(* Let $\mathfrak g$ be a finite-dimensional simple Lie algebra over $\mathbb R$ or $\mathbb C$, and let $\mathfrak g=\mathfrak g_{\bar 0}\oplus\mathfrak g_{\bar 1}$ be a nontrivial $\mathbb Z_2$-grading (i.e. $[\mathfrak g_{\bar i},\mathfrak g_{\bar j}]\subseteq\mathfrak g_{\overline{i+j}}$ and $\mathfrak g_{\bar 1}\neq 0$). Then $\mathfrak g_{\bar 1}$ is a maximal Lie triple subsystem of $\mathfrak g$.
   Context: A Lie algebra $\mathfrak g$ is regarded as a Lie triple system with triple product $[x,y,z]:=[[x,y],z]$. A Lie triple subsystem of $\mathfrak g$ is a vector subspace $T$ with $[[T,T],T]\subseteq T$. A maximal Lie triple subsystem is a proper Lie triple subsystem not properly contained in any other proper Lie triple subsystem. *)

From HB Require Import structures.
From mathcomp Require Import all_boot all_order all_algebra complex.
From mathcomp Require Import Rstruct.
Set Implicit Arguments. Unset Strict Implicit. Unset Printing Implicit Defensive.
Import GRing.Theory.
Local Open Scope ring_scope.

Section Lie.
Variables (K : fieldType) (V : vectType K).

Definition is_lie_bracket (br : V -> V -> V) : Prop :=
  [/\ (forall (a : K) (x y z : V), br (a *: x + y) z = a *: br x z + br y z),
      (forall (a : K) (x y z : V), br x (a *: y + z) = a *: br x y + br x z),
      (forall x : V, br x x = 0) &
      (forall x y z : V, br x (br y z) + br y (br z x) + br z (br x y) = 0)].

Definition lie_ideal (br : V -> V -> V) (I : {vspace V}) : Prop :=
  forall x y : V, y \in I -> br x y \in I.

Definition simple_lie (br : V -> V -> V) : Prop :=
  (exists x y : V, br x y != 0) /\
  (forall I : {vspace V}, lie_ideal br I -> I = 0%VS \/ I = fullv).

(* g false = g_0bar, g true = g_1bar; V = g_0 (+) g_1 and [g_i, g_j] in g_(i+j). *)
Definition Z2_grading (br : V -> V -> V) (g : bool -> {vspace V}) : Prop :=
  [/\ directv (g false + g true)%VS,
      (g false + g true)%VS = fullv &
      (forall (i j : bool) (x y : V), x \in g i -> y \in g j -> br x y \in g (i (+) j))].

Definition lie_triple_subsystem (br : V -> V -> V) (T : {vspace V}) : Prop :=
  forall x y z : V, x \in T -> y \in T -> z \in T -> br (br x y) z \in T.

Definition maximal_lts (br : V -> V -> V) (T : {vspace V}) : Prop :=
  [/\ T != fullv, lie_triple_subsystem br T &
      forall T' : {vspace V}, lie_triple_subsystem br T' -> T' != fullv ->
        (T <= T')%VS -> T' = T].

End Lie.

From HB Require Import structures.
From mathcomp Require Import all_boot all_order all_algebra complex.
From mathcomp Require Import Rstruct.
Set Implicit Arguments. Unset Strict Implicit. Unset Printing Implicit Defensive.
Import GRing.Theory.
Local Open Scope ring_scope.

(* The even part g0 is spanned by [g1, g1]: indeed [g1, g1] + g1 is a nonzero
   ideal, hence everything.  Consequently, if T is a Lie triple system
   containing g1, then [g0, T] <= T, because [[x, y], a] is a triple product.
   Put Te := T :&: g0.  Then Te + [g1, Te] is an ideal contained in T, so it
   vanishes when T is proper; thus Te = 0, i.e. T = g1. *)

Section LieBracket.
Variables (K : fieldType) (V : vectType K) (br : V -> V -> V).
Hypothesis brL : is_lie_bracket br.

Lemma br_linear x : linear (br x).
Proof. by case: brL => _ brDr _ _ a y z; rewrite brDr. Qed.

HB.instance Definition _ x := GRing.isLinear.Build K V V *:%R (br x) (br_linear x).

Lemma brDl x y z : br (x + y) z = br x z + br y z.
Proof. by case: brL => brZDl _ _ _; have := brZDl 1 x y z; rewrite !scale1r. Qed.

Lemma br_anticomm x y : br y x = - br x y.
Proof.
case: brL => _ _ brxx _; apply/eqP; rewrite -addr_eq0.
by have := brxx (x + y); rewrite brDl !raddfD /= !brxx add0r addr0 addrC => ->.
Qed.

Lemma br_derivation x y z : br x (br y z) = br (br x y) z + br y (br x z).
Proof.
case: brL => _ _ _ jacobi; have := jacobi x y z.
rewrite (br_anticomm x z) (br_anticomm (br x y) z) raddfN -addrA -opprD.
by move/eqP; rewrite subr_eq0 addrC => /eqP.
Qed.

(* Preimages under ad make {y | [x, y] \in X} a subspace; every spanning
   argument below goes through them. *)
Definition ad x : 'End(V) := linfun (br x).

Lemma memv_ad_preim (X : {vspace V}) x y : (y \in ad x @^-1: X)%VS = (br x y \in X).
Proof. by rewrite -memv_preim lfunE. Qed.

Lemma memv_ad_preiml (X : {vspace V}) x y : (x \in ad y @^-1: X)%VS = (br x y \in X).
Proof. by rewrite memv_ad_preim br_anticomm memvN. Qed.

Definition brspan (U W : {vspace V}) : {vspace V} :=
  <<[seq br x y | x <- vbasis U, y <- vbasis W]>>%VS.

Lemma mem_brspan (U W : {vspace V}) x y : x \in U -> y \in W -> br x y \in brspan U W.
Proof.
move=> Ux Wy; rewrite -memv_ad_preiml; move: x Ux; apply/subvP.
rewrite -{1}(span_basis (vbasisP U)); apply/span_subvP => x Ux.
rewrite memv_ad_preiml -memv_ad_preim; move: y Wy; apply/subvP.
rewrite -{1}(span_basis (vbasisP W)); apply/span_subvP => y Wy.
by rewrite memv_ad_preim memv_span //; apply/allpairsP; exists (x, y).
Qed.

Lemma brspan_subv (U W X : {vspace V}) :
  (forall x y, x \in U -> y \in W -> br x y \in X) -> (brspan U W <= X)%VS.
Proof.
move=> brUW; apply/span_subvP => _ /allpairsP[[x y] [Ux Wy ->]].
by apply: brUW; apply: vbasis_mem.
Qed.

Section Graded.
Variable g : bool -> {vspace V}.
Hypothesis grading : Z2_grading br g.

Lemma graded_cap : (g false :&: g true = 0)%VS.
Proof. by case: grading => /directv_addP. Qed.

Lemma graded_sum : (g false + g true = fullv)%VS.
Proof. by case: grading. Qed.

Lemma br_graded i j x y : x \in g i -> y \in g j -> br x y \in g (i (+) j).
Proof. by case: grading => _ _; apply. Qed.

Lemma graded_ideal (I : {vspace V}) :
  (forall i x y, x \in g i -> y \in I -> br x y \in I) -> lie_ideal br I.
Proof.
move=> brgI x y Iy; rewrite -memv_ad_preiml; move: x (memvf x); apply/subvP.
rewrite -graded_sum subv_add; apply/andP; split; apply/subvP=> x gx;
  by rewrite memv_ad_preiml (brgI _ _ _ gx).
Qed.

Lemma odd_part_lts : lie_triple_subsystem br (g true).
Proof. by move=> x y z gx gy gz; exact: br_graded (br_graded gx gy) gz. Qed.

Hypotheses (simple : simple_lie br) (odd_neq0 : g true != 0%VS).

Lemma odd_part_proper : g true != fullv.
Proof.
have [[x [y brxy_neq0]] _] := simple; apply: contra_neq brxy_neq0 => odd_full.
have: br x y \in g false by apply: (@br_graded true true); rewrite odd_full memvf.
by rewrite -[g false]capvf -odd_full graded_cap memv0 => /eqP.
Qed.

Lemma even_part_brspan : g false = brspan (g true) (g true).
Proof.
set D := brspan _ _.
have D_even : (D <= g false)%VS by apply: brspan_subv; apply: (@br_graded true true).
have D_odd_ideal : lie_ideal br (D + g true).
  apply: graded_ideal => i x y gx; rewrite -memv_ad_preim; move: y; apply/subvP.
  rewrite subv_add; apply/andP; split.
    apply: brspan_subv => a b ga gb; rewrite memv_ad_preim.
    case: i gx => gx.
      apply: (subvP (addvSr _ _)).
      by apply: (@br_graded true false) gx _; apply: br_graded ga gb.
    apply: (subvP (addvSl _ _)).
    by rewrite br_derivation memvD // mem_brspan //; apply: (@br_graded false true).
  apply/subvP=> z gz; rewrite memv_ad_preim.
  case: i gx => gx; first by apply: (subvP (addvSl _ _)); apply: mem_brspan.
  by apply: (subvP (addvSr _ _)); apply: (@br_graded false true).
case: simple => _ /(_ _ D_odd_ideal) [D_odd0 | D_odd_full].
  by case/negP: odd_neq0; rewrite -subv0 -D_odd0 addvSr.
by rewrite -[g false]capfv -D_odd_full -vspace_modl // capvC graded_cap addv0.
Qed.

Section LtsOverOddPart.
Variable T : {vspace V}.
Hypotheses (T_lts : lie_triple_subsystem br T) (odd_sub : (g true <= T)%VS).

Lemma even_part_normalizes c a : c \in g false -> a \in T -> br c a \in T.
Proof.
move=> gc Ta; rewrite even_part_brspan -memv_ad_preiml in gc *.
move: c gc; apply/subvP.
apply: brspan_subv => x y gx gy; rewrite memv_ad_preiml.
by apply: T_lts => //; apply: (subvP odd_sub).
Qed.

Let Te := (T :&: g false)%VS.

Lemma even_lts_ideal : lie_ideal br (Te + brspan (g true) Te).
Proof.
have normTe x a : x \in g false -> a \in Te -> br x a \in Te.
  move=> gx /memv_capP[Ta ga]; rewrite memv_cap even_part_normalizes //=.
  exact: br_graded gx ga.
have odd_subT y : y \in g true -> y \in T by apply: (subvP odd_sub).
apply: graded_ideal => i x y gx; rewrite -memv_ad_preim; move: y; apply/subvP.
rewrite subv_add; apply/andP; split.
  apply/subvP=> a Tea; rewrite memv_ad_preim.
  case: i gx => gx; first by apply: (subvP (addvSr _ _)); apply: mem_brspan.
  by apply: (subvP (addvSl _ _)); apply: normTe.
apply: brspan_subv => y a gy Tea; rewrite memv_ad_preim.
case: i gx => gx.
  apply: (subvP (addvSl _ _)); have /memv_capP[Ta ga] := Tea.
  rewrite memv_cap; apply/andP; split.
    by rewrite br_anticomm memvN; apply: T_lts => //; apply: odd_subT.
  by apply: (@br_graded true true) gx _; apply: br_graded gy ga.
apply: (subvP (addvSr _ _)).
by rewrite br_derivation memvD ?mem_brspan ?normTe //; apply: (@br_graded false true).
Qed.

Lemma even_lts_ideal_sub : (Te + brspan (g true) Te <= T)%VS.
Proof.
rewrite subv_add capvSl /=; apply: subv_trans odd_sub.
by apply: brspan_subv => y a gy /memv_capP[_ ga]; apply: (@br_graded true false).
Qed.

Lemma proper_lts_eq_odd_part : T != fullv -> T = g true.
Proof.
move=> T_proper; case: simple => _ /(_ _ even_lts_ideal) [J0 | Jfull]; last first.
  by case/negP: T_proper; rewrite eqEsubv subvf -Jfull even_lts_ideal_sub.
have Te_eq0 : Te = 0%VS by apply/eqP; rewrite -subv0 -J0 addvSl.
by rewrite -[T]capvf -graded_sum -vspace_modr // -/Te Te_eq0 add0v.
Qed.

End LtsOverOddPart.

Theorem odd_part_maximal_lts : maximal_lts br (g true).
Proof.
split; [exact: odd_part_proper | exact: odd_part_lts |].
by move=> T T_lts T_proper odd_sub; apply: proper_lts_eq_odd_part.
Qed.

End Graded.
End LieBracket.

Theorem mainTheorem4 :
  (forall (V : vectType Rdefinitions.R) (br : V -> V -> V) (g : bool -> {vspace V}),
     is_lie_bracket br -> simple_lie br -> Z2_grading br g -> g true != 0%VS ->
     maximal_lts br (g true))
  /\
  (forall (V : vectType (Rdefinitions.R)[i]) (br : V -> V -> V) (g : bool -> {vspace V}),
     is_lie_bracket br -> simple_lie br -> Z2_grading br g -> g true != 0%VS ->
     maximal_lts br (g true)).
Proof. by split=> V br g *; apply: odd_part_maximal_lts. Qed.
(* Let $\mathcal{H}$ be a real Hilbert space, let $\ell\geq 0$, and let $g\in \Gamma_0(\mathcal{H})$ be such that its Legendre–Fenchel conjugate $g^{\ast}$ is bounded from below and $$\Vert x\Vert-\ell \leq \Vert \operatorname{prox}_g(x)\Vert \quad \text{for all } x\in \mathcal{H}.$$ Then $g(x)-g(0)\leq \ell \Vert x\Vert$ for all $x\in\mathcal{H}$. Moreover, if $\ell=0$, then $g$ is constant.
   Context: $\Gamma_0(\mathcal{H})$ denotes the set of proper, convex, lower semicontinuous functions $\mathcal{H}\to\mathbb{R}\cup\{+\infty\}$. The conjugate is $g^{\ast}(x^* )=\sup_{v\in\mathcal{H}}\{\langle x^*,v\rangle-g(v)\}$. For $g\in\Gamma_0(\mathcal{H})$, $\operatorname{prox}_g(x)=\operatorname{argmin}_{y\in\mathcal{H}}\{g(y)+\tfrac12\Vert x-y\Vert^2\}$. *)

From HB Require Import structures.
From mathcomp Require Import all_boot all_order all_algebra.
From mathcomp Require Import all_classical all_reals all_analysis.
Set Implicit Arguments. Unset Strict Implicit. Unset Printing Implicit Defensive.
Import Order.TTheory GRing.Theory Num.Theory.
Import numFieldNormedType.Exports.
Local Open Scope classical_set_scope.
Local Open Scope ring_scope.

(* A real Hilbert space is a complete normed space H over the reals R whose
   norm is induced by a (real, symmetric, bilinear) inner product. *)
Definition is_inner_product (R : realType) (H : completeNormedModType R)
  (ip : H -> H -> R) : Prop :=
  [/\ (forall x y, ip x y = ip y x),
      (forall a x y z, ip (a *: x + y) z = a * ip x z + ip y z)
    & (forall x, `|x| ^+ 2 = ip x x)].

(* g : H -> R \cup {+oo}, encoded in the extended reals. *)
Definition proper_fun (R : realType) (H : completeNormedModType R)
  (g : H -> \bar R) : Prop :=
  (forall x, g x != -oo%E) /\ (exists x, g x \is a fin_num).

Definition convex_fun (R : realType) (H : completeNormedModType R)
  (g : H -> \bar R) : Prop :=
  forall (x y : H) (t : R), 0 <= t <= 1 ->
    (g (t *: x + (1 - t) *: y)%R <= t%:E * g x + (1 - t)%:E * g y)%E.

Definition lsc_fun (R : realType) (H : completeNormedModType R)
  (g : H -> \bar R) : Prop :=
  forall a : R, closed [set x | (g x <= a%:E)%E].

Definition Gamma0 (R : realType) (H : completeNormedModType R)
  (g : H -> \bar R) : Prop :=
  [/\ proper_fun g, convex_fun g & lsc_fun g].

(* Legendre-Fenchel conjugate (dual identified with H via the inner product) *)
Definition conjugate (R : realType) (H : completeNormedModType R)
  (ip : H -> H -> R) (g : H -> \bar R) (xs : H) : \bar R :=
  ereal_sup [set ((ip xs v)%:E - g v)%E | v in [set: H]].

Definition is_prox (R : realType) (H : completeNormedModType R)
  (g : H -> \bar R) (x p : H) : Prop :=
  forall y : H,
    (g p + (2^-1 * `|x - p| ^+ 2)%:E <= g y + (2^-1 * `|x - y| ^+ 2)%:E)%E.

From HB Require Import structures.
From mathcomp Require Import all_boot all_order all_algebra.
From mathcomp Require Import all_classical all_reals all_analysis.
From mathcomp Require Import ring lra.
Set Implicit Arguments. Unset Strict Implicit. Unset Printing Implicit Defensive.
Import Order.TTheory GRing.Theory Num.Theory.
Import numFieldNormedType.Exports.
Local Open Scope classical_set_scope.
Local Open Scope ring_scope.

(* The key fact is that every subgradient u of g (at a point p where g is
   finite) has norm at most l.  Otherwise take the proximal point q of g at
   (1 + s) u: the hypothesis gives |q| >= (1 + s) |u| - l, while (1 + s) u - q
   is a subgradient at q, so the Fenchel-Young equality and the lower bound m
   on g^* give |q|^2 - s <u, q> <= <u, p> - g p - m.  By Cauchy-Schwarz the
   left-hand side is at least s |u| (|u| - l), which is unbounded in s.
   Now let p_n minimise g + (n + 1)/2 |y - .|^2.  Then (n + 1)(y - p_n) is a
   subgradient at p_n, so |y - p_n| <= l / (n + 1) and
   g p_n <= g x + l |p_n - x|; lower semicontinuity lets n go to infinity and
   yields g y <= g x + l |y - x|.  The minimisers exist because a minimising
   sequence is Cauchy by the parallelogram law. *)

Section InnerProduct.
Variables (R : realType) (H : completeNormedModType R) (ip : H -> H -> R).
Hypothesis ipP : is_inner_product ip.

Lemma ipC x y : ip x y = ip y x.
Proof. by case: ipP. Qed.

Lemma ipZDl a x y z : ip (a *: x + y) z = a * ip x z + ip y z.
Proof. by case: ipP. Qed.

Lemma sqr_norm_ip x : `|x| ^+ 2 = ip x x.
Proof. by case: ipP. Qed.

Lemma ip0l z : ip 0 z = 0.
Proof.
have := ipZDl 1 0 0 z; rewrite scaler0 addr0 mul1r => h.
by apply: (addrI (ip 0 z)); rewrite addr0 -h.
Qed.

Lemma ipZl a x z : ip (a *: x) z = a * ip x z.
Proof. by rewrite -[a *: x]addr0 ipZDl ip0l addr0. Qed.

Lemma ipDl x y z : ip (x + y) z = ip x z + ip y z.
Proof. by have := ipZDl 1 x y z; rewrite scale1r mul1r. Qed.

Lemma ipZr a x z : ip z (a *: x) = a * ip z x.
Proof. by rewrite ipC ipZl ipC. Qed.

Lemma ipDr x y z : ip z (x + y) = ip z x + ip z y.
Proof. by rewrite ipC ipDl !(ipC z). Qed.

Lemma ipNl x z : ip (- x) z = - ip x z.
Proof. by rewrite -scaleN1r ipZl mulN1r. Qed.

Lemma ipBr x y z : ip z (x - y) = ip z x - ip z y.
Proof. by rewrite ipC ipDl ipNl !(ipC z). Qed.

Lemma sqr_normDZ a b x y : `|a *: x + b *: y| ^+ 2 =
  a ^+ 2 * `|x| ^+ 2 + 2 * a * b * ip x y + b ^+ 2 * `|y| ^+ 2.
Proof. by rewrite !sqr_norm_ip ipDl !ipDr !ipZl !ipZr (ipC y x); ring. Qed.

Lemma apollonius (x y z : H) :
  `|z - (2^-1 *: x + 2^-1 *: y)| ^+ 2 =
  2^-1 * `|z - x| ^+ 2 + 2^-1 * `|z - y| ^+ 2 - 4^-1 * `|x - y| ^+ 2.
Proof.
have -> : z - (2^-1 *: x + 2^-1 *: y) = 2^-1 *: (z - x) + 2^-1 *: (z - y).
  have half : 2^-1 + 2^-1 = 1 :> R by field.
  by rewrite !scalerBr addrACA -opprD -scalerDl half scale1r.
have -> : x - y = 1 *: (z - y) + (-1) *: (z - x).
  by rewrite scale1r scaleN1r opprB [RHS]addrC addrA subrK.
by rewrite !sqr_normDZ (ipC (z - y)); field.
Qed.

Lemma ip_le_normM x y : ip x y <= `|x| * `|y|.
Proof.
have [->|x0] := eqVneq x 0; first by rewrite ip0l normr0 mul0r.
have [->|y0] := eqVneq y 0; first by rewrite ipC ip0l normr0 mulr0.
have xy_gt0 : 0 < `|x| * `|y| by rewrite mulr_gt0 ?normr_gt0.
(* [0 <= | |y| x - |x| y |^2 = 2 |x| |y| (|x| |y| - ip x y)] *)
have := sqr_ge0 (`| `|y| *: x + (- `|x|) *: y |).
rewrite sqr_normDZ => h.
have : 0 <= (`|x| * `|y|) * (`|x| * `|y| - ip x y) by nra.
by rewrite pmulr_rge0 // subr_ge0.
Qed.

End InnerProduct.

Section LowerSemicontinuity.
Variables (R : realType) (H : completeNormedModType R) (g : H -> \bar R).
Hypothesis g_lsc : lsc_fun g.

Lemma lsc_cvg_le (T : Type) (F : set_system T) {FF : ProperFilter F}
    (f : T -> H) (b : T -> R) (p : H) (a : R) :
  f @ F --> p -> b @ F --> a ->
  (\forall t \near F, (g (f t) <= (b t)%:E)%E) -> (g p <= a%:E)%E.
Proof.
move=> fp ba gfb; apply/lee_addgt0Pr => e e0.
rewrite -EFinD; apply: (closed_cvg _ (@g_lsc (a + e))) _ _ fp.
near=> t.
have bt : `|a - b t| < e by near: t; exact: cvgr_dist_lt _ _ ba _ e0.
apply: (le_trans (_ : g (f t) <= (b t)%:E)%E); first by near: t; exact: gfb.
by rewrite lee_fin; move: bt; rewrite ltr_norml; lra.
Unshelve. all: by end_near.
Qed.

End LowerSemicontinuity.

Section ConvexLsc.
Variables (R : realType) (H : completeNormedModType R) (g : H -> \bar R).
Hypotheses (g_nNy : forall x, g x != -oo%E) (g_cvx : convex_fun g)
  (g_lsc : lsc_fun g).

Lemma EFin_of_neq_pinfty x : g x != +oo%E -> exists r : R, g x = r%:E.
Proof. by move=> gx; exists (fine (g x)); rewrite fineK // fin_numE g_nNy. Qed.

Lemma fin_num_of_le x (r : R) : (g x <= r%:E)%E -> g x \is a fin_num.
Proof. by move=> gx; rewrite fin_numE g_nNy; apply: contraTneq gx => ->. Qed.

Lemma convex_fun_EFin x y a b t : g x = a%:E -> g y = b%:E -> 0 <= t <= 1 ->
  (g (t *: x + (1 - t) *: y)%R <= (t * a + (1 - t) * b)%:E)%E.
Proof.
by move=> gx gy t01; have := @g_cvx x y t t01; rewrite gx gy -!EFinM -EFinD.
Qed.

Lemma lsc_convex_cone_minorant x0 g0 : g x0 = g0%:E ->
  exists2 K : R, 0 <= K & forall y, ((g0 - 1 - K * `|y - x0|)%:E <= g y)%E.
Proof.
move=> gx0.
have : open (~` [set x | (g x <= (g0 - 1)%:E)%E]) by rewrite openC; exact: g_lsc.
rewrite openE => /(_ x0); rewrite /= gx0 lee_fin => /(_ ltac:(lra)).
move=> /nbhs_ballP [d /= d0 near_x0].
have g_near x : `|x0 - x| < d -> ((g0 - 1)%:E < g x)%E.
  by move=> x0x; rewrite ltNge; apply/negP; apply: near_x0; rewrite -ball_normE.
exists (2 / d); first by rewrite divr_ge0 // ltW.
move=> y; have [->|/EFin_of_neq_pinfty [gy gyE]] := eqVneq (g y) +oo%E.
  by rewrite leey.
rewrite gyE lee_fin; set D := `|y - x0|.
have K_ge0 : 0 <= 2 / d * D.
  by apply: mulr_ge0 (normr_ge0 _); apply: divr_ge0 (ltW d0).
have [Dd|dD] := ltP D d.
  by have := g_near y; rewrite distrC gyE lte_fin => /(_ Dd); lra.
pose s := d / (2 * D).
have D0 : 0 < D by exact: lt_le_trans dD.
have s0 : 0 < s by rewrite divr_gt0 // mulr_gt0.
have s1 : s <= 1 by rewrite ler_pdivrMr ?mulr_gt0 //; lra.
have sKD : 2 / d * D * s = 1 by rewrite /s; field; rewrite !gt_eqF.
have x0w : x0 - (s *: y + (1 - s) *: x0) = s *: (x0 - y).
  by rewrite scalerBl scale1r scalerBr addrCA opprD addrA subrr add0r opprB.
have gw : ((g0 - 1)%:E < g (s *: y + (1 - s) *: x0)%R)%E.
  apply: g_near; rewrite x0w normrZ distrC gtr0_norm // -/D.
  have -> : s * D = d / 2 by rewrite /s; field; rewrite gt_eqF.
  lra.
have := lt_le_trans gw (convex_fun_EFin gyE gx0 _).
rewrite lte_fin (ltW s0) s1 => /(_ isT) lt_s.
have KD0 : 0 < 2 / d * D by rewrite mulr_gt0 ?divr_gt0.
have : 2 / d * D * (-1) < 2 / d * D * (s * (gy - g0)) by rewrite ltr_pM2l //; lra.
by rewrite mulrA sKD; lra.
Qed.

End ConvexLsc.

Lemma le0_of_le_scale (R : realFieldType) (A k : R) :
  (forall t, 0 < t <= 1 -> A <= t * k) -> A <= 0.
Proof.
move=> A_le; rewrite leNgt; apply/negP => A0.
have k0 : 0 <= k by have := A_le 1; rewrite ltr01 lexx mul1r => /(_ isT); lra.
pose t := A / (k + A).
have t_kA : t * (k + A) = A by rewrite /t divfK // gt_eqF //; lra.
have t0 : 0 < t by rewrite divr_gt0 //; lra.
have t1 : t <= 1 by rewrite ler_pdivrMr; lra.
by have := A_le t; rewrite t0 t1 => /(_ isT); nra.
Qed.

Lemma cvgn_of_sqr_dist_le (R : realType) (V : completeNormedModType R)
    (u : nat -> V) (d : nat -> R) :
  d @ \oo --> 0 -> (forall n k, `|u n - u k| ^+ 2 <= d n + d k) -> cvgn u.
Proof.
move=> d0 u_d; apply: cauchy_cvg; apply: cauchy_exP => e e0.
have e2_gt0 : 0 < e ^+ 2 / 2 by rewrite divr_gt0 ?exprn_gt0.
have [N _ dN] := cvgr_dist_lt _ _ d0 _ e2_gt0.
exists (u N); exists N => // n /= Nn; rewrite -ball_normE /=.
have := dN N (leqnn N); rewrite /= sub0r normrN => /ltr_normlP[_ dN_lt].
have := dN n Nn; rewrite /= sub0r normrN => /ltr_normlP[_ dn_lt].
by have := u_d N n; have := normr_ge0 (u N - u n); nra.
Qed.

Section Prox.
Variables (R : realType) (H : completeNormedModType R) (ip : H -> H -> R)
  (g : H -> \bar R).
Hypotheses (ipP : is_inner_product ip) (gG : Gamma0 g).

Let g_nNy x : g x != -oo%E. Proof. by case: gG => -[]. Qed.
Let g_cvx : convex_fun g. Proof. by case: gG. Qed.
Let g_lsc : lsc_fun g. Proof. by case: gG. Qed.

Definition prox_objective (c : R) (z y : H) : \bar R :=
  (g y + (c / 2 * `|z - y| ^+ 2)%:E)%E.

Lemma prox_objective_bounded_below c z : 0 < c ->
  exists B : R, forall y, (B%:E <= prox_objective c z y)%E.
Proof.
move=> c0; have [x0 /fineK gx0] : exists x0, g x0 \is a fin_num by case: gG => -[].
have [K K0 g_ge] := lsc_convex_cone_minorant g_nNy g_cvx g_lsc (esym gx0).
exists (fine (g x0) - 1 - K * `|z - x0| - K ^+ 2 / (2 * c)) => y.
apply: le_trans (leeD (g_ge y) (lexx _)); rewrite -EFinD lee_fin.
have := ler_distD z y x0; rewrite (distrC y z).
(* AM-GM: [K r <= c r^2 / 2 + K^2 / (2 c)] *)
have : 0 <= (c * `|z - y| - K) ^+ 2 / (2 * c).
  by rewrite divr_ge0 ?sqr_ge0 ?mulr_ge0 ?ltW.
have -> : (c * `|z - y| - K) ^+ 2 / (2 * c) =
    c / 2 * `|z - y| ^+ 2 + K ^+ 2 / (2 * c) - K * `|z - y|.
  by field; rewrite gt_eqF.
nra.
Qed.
___
AIM OF THE TASK: Would you copy out exactly the lines above that start at the one containing "Proof. by case: grading. Qed." and end at the one containing "Hypotheses (T_lts : lie_triple_subsystem", inclusive?

ANSWER TO THE PROBLEM:
Proof. by case: grading. Qed.

Lemma br_graded i j x y : x \in g i -> y \in g j -> br x y \in g (i (+) j).
Proof. by case: grading => _ _; apply. Qed.

Lemma graded_ideal (I : {vspace V}) :
  (forall i x y, x \in g i -> y \in I -> br x y \in I) -> lie_ideal br I.
Proof.
move=> brgI x y Iy; rewrite -memv_ad_preiml; move: x (memvf x); apply/subvP.
rewrite -graded_sum subv_add; apply/andP; split; apply/subvP=> x gx;
  by rewrite memv_ad_preiml (brgI _ _ _ gx).
Qed.

Lemma odd_part_lts : lie_triple_subsystem br (g true).
Proof. by move=> x y z gx gy gz; exact: br_graded (br_graded gx gy) gz. Qed.

Hypotheses (simple : simple_lie br) (odd_neq0 : g true != 0%VS).

Lemma odd_part_proper : g true != fullv.
Proof.
have [[x [y brxy_neq0]] _] := simple; apply: contra_neq brxy_neq0 => odd_full.
have: br x y \in g false by apply: (@br_graded true true); rewrite odd_full memvf.
by rewrite -[g false]capvf -odd_full graded_cap memv0 => /eqP.
Qed.

Lemma even_part_brspan : g false = brspan (g true) (g true).
Proof.
set D := brspan _ _.
have D_even : (D <= g false)%VS by apply: brspan_subv; apply: (@br_graded true true).
have D_odd_ideal : lie_ideal br (D + g true).
  apply: graded_ideal => i x y gx; rewrite -memv_ad_preim; move: y; apply/subvP.
  rewrite subv_add; apply/andP; split.
    apply: brspan_subv => a b ga gb; rewrite memv_ad_preim.
    case: i gx => gx.
      apply: (subvP (addvSr _ _)).
      by apply: (@br_graded true false) gx _; apply: br_graded ga gb.
    apply: (subvP (addvSl _ _)).
    by rewrite br_derivation memvD // mem_brspan //; apply: (@br_graded false true).
  apply/subvP=> z gz; rewrite memv_ad_preim.
  case: i gx => gx; first by apply: (subvP (addvSl _ _)); apply: mem_brspan.
  by apply: (subvP (addvSr _ _)); apply: (@br_graded false true).
case: simple => _ /(_ _ D_odd_ideal) [D_odd0 | D_odd_full].
  by case/negP: odd_neq0; rewrite -subv0 -D_odd0 addvSr.
by rewrite -[g false]capfv -D_odd_full -vspace_modl // capvC graded_cap addv0.
Qed.

Section LtsOverOddPart.
Variable T : {vspace V}.
Hypotheses (T_lts : lie_triple_subsystem br T) (odd_sub : (g true <= T)%VS).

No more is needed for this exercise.